TRY IT – The expected answer is the set of lines in the data below between the line holding "(* Let $b\in" and the line holding "iterated Lebesgue integral", inclusive, written out exactly.

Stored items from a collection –
------------------------------------------------------------------------
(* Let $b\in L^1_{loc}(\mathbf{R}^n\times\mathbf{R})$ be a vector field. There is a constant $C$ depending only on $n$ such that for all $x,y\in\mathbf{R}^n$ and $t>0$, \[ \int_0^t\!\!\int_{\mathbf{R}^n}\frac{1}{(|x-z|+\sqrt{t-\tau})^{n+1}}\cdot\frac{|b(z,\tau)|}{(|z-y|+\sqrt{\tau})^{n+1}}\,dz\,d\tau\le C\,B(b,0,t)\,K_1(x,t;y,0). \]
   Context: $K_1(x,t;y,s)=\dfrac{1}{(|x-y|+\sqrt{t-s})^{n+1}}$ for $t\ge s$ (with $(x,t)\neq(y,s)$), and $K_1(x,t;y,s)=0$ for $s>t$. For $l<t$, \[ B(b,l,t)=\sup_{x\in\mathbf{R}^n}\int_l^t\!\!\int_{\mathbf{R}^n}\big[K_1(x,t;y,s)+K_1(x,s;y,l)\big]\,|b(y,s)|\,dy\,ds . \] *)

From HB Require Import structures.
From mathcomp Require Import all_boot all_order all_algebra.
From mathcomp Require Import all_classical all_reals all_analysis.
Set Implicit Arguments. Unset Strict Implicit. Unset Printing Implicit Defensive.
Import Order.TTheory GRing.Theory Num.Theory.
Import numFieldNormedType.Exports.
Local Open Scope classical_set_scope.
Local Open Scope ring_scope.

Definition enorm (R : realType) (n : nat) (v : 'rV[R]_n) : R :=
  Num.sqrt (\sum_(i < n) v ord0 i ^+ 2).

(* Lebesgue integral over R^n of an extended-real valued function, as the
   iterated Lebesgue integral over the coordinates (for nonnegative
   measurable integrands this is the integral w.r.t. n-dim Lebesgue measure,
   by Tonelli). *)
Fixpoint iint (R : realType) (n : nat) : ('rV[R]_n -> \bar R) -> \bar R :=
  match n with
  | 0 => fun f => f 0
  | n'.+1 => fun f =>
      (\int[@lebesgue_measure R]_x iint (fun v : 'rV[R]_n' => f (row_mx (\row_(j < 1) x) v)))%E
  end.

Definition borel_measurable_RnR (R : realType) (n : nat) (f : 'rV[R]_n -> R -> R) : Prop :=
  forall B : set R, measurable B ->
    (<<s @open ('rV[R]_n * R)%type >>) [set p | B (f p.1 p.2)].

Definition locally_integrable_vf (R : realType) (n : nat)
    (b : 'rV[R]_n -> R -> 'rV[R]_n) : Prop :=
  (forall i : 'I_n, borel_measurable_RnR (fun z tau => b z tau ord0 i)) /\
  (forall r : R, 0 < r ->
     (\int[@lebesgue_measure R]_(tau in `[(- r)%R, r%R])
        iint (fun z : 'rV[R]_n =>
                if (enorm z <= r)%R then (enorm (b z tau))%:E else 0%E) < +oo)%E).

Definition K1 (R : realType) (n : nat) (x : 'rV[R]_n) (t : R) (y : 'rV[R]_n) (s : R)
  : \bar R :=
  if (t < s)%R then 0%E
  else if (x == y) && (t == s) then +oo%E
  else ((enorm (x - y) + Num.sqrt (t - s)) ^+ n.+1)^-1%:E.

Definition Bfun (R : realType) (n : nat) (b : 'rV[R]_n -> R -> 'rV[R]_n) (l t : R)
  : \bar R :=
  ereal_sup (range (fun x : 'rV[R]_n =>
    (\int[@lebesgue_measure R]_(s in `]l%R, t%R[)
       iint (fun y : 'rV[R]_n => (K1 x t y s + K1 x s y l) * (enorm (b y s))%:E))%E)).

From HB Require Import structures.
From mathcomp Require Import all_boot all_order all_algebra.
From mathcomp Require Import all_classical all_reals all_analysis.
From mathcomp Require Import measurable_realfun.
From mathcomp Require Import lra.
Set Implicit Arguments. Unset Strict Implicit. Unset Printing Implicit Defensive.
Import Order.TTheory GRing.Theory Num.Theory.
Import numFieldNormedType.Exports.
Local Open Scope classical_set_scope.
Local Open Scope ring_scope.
------------------------------------------------------------------------
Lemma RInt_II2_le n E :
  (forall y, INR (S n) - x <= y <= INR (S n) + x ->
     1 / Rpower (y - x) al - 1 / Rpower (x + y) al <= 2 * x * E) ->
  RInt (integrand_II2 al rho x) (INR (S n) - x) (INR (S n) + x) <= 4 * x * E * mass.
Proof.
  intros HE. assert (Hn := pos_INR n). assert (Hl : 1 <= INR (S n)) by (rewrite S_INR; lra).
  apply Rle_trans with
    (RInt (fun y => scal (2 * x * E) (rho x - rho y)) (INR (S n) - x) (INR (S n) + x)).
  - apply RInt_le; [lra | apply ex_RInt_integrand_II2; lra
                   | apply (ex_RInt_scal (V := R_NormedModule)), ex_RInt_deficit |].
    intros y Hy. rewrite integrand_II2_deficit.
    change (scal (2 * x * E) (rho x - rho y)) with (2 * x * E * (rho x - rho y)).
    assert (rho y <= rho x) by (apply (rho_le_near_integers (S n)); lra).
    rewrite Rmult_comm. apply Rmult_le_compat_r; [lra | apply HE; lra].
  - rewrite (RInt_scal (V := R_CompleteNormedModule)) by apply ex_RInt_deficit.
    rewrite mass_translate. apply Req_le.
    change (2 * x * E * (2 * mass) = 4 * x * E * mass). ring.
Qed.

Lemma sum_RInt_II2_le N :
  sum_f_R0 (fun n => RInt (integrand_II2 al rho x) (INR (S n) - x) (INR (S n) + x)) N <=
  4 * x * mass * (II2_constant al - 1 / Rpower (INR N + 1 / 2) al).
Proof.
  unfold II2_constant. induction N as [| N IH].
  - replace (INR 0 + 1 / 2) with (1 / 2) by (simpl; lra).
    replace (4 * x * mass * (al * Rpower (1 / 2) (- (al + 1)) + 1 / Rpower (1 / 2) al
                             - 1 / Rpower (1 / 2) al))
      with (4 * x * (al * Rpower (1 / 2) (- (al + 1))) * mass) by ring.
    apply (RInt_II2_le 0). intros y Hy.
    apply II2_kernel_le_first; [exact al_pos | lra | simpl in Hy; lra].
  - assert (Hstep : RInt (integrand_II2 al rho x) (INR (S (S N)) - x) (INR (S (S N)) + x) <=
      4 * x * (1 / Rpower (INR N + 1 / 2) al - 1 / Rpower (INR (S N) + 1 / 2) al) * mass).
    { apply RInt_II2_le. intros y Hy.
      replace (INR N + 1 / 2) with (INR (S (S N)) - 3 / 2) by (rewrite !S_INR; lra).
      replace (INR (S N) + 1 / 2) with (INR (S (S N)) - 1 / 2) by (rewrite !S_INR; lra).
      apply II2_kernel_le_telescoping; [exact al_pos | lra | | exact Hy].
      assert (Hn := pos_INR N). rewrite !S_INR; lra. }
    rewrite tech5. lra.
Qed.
------------------------------------------------------------------------
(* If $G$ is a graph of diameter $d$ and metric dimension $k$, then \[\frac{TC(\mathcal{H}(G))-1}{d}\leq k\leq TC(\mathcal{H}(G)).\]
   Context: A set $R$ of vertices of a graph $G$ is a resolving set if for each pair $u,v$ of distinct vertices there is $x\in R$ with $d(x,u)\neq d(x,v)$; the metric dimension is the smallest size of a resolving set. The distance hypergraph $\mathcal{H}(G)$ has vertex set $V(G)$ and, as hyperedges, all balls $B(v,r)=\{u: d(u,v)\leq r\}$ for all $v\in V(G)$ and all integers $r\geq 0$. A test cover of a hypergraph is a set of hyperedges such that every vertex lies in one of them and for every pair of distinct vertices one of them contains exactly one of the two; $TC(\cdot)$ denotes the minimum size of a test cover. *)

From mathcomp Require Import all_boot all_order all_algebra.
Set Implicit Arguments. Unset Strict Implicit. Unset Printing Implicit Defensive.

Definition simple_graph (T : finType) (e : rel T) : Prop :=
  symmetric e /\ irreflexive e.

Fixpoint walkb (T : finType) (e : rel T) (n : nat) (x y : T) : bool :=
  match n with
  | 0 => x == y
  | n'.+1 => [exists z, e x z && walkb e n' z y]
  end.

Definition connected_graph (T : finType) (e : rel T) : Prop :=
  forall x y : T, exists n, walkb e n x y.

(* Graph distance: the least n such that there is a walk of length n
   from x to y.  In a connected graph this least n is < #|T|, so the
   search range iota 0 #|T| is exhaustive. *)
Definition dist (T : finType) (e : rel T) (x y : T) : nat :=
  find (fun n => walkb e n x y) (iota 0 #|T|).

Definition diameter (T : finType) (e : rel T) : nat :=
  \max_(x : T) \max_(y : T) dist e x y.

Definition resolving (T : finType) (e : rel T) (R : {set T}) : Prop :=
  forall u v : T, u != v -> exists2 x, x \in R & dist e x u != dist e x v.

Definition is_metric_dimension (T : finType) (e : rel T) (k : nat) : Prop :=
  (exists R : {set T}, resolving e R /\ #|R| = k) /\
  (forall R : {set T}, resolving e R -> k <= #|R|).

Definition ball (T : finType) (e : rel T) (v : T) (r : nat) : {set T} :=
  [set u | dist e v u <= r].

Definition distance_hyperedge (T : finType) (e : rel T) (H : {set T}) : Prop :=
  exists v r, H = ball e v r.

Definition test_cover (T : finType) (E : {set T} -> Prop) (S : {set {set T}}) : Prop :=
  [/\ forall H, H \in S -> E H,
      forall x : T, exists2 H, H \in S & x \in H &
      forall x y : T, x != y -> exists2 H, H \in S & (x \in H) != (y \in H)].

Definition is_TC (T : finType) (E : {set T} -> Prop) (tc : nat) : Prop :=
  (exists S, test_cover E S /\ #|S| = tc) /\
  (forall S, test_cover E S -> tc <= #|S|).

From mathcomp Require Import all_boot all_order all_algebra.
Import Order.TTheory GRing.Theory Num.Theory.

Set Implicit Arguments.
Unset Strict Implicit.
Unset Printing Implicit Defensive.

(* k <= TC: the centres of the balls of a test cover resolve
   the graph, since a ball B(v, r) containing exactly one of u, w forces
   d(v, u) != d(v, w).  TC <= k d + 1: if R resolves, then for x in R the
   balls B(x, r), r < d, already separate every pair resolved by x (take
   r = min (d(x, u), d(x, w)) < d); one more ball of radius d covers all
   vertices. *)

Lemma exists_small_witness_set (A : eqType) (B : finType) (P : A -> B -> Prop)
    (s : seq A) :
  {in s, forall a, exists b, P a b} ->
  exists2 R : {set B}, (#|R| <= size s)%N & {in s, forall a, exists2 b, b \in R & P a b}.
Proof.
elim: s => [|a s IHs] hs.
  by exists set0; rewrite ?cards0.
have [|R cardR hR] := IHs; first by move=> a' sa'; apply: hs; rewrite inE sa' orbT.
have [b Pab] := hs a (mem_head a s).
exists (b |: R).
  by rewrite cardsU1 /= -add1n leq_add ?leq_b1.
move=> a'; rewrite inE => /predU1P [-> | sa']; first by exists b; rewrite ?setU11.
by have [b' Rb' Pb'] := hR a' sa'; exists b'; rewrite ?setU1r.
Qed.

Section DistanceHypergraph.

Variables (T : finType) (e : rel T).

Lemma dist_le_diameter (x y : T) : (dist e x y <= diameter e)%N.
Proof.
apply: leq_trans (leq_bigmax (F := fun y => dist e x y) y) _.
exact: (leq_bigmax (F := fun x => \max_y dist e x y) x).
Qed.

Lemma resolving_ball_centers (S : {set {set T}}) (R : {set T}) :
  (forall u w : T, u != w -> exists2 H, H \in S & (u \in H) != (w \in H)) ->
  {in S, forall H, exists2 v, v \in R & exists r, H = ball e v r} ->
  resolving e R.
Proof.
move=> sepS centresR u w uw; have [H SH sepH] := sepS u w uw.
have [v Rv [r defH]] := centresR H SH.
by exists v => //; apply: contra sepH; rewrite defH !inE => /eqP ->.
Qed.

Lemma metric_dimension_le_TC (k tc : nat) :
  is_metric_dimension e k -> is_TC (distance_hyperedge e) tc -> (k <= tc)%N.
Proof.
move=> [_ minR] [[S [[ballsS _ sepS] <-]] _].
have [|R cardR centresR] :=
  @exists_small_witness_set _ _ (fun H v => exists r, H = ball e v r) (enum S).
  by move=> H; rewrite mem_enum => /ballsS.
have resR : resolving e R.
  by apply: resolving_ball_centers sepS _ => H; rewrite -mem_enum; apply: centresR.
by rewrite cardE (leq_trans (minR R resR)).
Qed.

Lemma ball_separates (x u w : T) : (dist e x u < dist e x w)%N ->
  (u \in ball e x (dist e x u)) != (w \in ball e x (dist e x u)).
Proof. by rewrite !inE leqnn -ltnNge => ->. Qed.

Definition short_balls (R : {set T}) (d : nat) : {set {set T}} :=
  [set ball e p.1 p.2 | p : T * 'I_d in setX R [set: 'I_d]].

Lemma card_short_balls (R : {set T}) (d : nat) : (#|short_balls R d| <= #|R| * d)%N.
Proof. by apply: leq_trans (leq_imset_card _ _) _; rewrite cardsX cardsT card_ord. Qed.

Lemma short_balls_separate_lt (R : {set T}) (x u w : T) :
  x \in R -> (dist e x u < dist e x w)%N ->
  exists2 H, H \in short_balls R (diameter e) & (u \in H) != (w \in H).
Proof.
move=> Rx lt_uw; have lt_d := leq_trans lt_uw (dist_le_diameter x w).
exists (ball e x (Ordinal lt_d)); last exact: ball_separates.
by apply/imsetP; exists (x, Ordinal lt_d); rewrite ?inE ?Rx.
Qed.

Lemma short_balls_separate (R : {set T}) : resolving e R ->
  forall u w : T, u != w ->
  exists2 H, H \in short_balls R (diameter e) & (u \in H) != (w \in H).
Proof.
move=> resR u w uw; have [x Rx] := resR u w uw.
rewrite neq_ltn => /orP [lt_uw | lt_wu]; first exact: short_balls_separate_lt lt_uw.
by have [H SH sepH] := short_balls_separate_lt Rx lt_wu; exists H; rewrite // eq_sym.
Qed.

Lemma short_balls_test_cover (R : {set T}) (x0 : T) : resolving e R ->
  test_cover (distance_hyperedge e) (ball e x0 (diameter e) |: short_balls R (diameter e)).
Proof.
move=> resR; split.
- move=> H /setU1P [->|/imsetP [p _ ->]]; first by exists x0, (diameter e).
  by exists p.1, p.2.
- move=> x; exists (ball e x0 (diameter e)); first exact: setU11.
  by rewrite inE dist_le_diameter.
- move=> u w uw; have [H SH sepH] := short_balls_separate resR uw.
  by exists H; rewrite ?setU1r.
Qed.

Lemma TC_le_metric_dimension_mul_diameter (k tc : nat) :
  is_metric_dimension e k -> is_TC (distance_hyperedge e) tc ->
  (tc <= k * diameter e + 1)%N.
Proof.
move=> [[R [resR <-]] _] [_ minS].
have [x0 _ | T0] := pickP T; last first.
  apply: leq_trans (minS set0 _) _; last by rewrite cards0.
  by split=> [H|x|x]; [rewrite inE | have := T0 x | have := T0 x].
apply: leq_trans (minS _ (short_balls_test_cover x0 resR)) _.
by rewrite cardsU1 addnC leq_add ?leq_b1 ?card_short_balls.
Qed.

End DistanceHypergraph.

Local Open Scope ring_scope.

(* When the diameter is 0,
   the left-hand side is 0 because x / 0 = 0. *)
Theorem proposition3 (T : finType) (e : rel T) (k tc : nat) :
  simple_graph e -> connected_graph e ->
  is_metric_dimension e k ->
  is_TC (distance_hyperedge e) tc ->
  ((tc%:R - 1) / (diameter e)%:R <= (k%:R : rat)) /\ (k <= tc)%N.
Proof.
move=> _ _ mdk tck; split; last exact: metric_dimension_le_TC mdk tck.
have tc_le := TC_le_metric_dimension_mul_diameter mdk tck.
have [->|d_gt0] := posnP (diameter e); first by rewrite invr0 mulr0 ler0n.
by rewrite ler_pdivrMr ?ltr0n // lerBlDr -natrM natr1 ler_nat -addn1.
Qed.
------------------------------------------------------------------------
ANSWER BELOW –
(* Let $b\in L^1_{loc}(\mathbf{R}^n\times\mathbf{R})$ be a vector field. There is a constant $C$ depending only on $n$ such that for all $x,y\in\mathbf{R}^n$ and $t>0$, \[ \int_0^t\!\!\int_{\mathbf{R}^n}\frac{1}{(|x-z|+\sqrt{t-\tau})^{n+1}}\cdot\frac{|b(z,\tau)|}{(|z-y|+\sqrt{\tau})^{n+1}}\,dz\,d\tau\le C\,B(b,0,t)\,K_1(x,t;y,0). \]
   Context: $K_1(x,t;y,s)=\dfrac{1}{(|x-y|+\sqrt{t-s})^{n+1}}$ for $t\ge s$ (with $(x,t)\neq(y,s)$), and $K_1(x,t;y,s)=0$ for $s>t$. For $l<t$, \[ B(b,l,t)=\sup_{x\in\mathbf{R}^n}\int_l^t\!\!\int_{\mathbf{R}^n}\big[K_1(x,t;y,s)+K_1(x,s;y,l)\big]\,|b(y,s)|\,dy\,ds . \] *)

From HB Require Import structures.
From mathcomp Require Import all_boot all_order all_algebra.
From mathcomp Require Import all_classical all_reals all_analysis.
Set Implicit Arguments. Unset Strict Implicit. Unset Printing Implicit Defensive.
Import Order.TTheory GRing.Theory Num.Theory.
Import numFieldNormedType.Exports.
Local Open Scope classical_set_scope.
Local Open Scope ring_scope.

Definition enorm (R : realType) (n : nat) (v : 'rV[R]_n) : R :=
  Num.sqrt (\sum_(i < n) v ord0 i ^+ 2).

(* Lebesgue integral over R^n of an extended-real valued function, as the
   iterated Lebesgue integral over the coordinates (for nonnegative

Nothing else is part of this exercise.